China is purchasing loads of cotton from its Xinjiang province amid a ban from the United States on products made in the region, the South China Morning Post reported Tuesday.
According to a Friday statement by the government, the purchase will include between 300,000 and 500,000 tons of cotton from mills in the region.
The prohibition from the U.S. on Xinjiang exports was passed last year and is in response to reports of forced labor of Uyghur Muslims in the province. The law took effect last June 21 and appears to already be costing the Chinese Communist Party substantially.
Uyghurs are the native population of the region, which they call East Turkistan. They have undergone a cultural and ethnic genocide by the Chinese Communist Party since around 2014, according to Human Rights Watch.

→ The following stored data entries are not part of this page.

Theorem mainTheorem6 :
  exists (A : Bfun -> Prop) (F : {phi : Bfun | A phi} -> Bfun),
    restricted_polytime F /\
    ~ (exists Ft : Bfun -> Bfun,
          polytime Ft /\ forall (phi : Bfun) (h : A phi), Ft phi = F (exist _ phi h)).
Proof.
exists search_dom, search_fun; split; first exact: search_fun_restricted_polytime.
case=> Ft [[M [P [computes_Ft time_Ft]]] ext_Ft].
have [s lt_P] := sop_eval_lt_exp2 P.
have [t le_t halt_t] := time_Ft (counter s) I [::].
have lt_t : t < 2 ^ s := leq_ltn_trans le_t (lt_P _ (size_counter s)).
have lt_t_marked : t < size (marked_words s) by rewrite size_marked_words.
have [h h_marked unqueried] :=
  avoid_image (fun i => query_word (run M (counter s) [::] i)) (uniq_marked_words s) lt_t_marked.
have halt_h : halted (run M (planted s h) [::] t) by rewrite run_oracle_upd.
have := size_outputs_leq (computes_Ft (exist _ (planted s h) I) [::]) halt_h.
rewrite /= (ext_Ft _ (search_dom_planted h_marked)).
rewrite (search_funE _ (first_flag_planted h_marked)) size_nseq.
by rewrite leqNgt lt_t.
Qed.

Last year, a tribunal led by human rights experts and legal scholars determined that the Chinese government’s actions in the Xinjiang province toward the native population were ”beyond a reasonable doubt” examples of genocide.
”Pregnant women, in detention centres and outside, were forced to have abortions even at the very last stages of pregnancy. In the course of attempted abortions babies were sometimes born alive but then killed,” the judgment read.
”A systematic programme of birth control measures had been established forcing women to endure removal against their will of wombs and to undergo effective sterilization by means of IUDs that were only removeable by surgical means.”
Despite the international calls to treat the Chinese government as a pariah for its actions, the country hosted the 2022 Winter Olympic Games in its capital, Beijing.